К характеристичным особенностям горского патрона также относится его нелюбовь еще к некоторым слабостям человеческой натуры. Так, если паломник скажет непристойность женщине, то за этот проступок не допускается, по понятию народа, к святому месту. Достаточно сказать одно грубое слово, даже неблагочестивую мысль иметь в сознании, чтобы грешник слетел в кручу, откуда он ни в каком случае не в состоянии был бы подняться на гору. Но вы думаете, что тот несчастный, который свалился в бездну ущелья, уже мертв? Ошибаетесь, он невредим: его милует и предохраняет от ушиба на пути падения тот же святой Мятцели.

— Теперь мы едем к нему,— говорил нам горец,— ты думаешь, Мятцели забудет нас? О нет! Он обо всех нас скажет архангелу Гавриилу.

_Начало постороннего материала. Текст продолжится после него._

(* Let $k$ be a field, $S=k[[x_1,\dots,x_d]]$, $n>1$ an integer, and $R=S^{(n)}$ the $n$-th Veronese subring of $S$. Let $L=x_1S\cap R$, which generates the divisor class group $\operatorname{Cl}(R)\cong\mathbb Z/n\mathbb Z$, and for $1\leq i\leq n-1$ let $L^{(i)}$ be the $i$-th symbolic power of $L$ (the rank one reflexive module representing $i[L]$ in $\operatorname{Cl}(R)$). Then the minimal number of generators of $L^{(i)}$ is $$\mu(L^{(i)})=\binom{n-i+d-1}{d-1}=\frac{(n+d-i-1)!}{(d-1)!\,(n-i)!}\quad\text{for } i=1,\dots,n-1,$$ i.e., the number of monomials of degree $n-i$ in $d$ variables.
   Context: The $n$-th Veronese subring $S^{(n)}$ is the subring of $S$ consisting of power series all of whose monomials have degree divisible by $n$ (the subring generated by monomials of degree $n$); it is a complete Cohen-Macaulay normal local domain with isolated singularity. For a normal domain $R$, $\operatorname{Cl}(R)$ is the group of isomorphism classes of rank one reflexive $R$-modules, with $[\operatorname{Hom}_R(I,J)]=[J]-[I]$. *)

(* Formal power series in d variables over a field k,
   represented as coefficient functions on exponent vectors. *)
From Stdlib Require List.
From mathcomp Require Import all_boot all_order all_algebra.
Set Implicit Arguments. Unset Strict Implicit. Unset Printing Implicit Defensive.
Import GRing.Theory.
Local Open Scope ring_scope.

Section PS.
Variables (k : fieldType) (d : nat).

Definition mon := {ffun 'I_d -> nat}.
Definition deg (a : mon) : nat := (\sum_(j < d) a j)%N.

Definition ps := mon -> k.

Definition pszero : ps := fun _ => 0.
Definition psadd (f g : ps) : ps := fun a => f a + g a.
(* Cauchy product: (fg)_a = sum_{b <= a} f_b g_{a-b} *)
Definition psmul (f g : ps) : ps := fun a =>
  \sum_(b : {ffun 'I_d -> 'I_(deg a).+1} | [forall j, (b j <= a j)%N])
     f [ffun j => nat_of_ord (b j)] * g [ffun j => (a j - b j)%N].
Definition psone : ps := fun a => if deg a == 0%N then 1 else 0.
(* the variable x_1 (index 0) *)
Definition x1 : ps := fun a => if a == [ffun j : 'I_d => (nat_of_ord j == 0%N) : nat]
                               then 1 else 0.

Definition veronese (n : nat) (f : ps) : Prop := forall a, f a != 0 -> (n %| deg a)%N.

Definition pssum (s : seq ps) : ps := foldr psadd pszero s.

Definition span (R G : ps -> Prop) (f : ps) : Prop :=
  exists s : seq (ps * ps), (forall p, List.In p s -> R p.1 /\ G p.2) /\
    f = pssum [seq psmul p.1 p.2 | p <- s].

Fixpoint prodset (I : ps -> Prop) (i : nat) : ps -> Prop :=
  match i with
  | 0 => fun f => f = psone
  | i'.+1 => fun f => exists g h, prodset I i' g /\ I h /\ f = psmul g h
  end.

Definition idealpow (R I : ps -> Prop) (i : nat) : ps -> Prop := span R (prodset I i).

(* symbolic power P^(i) = P^i R_P \cap R of a prime ideal P of R *)
Definition sympow (R P : ps -> Prop) (i : nat) (f : ps) : Prop :=
  R f /\ exists s, R s /\ ~ P s /\ idealpow R P i (psmul s f).

Definition generated_by (R M : ps -> Prop) (s : seq ps) : Prop :=
  forall f, M f <-> span R (fun g => List.In g s) f.
Definition min_num_gens (R M : ps -> Prop) (m : nat) : Prop :=
  (exists s, size s = m /\ (forall g, List.In g s -> M g) /\ generated_by R M s) /\
  (forall s, (forall g, List.In g s -> M g) -> generated_by R M s -> (m <= size s)%N).

End PS.

(* Over [R], the symbolic power [L^(i)] is the monomial module of the series in
   [R] whose terms are all divisible by [x_1^i] (by [x_1^(n i)] when [d = 1]).
   One inclusion holds because the [x_1]-adic order is additive and an element of
   [R] outside [L] has a term prime to [x_1]; for the other, a pure power of
   another variable is such an element. A monomial [R]-module is minimally
   generated by its minimal monomials, read off modulo the maximal ideal; here
   these are the monomials of degree [n] divisible by [x_1^i], i.e. [x_1^i] times
   the monomials of degree [n - i]. *)

From Pilot Require Import Defs.
From mathcomp Require Import all_boot all_order all_algebra.
From mathcomp Require Import mpoly zify.
From Stdlib Require Import Classical FunctionalExtensionality Wf_nat Lia.
Set Implicit Arguments. Unset Strict Implicit. Unset Printing Implicit Defensive.
Import GRing.Theory.
Local Open Scope ring_scope.

Lemma list_InP (T : eqType) (x : T) s : reflect (List.In x s) (x \in s).
Proof.
elim: s => [|y s IH] /=; first by constructor.
rewrite in_cons; apply: (iffP orP) => [[/eqP->|/IH]|[->|/IH]]; auto.
Qed.

Lemma ex_min_nat (P : nat -> Prop) :
  (exists m, P m) -> exists2 m, P m & forall m', P m' -> (m <= m')%N.
Proof.
move=> /(dec_inh_nat_subset_has_unique_least_element _ (fun m => classic (P m))).
by case=> m [[Pm min_m] _]; exists m => // m' /min_m/leP.
Qed.

Section Monomials.
Variable d : nat.
Implicit Types a b c : mon d.

Definition madd a b : mon d := [ffun j => (a j + b j)%N].
Definition msub a b : mon d := [ffun j => (a j - b j)%N].
Definition mle a b : bool := [forall j, (a j <= b j)%N].
Definition mzero : mon d := [ffun => 0%N].
Definition unitv (j : 'I_d) : mon d := [ffun l => (l == j : nat)].
Definition mscale (m : nat) a : mon d := [ffun j => (m * a j)%N].

Lemma mleP a b : reflect (forall j, a j <= b j)%N (mle a b).
Proof. exact: forallP. Qed.

Lemma maddC a b : madd a b = madd b a.
Proof. by apply/ffunP=> j; rewrite !ffunE addnC. Qed.

Lemma maddK a b : msub (madd a b) b = a.
Proof. by apply/ffunP=> j; rewrite !ffunE addnK. Qed.

Lemma msubK a b : mle b a -> madd (msub a b) b = a.
Proof. by move/mleP=> h; apply/ffunP=> j; rewrite !ffunE subnK. Qed.

Lemma msub0 a : msub a mzero = a.
Proof. by apply/ffunP=> j; rewrite !ffunE subn0. Qed.

Lemma mle0 a : mle mzero a.
Proof. by apply/mleP=> j; rewrite ffunE. Qed.

Lemma mle_addl a b : mle b (madd a b).
Proof. by apply/mleP=> j; rewrite ffunE leq_addl. Qed.

Lemma mle_subr a b : mle (msub a b) a.
Proof. by apply/mleP=> j; rewrite ffunE leq_subr. Qed.

Lemma mle_add_sub a b c : mle a c -> mle b (msub c a) -> mle (madd b a) c.
Proof.
move=> /mleP le_ac /mleP le_b; apply/mleP => j.
by move: (le_ac j) (le_b j); rewrite !ffunE; lia.
Qed.

Lemma deg_madd a b : deg (madd a b) = (deg a + deg b)%N.
Proof. by rewrite /deg -big_split /=; apply: eq_bigr => j _; rewrite ffunE. Qed.

Lemma deg_msub a b : mle b a -> deg (msub a b) = (deg a - deg b)%N.
Proof. by move=> h; rewrite -{2}(msubK h) deg_madd addnK. Qed.

Lemma deg_mscale m a : deg (mscale m a) = (m * deg a)%N.
Proof. by rewrite /deg big_distrr; apply: eq_bigr => j _; rewrite ffunE. Qed.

Не доезжая аула Баина, мы были свидетелями следующей сцены. Шли четыре девушки с тяжело навьюченным ишаком и остановились. Оказалось, что посвященная Мятцели овца упала на дороге. А это плохой знак, по понятиям горцев. Мой товарищ вынужден был слезть с лошади и рассмотреть причины, по которым животное ни с того ни с сего, при палящем, жгучем солнце, упало.

— Э, баран издыхает! — глубокомысленно промолвил горец, качая головой. Он раза три поворачивал животное (довольно тучное) на разные стороны.— Видно, не хочет вам добра,— обратился он к девушкам…

А они стояли с такою глубокою печалью, такое горе сказывалось в их влажных глазах, что судейского решения проводника не могли выслушать, без того чтобы в один голос не воскликнуть:

— Надо было вести ее сегодня! Что мы будем делать, куда нам бросить барана?

— Да поможет вам Мятцели! — сказал проводник, и мы отъехали прочь.

Показались угрюмые высокие башни. У ворот одной из них встретил нас седой, сгорбленный человек и усиленно просил нас выпить собственного его приготовления пива.

— Кроме того, дома никого нет,— говорил он нам, живо взбираясь по грубой и опасно скользкой лестнице,— так вы мои первые гости!.. Не думал я дождаться вас; одному скучно; стар, стал ходить к Мятцели; вам, молодежи, посещать его…

Старик торопливо вышел из сакли.

Горские сакли ничем не отличаются от тех, что на равнине.

Здесь та выгода, что все сделано надолго, прочно и хозяйственно, хотя и некрасиво.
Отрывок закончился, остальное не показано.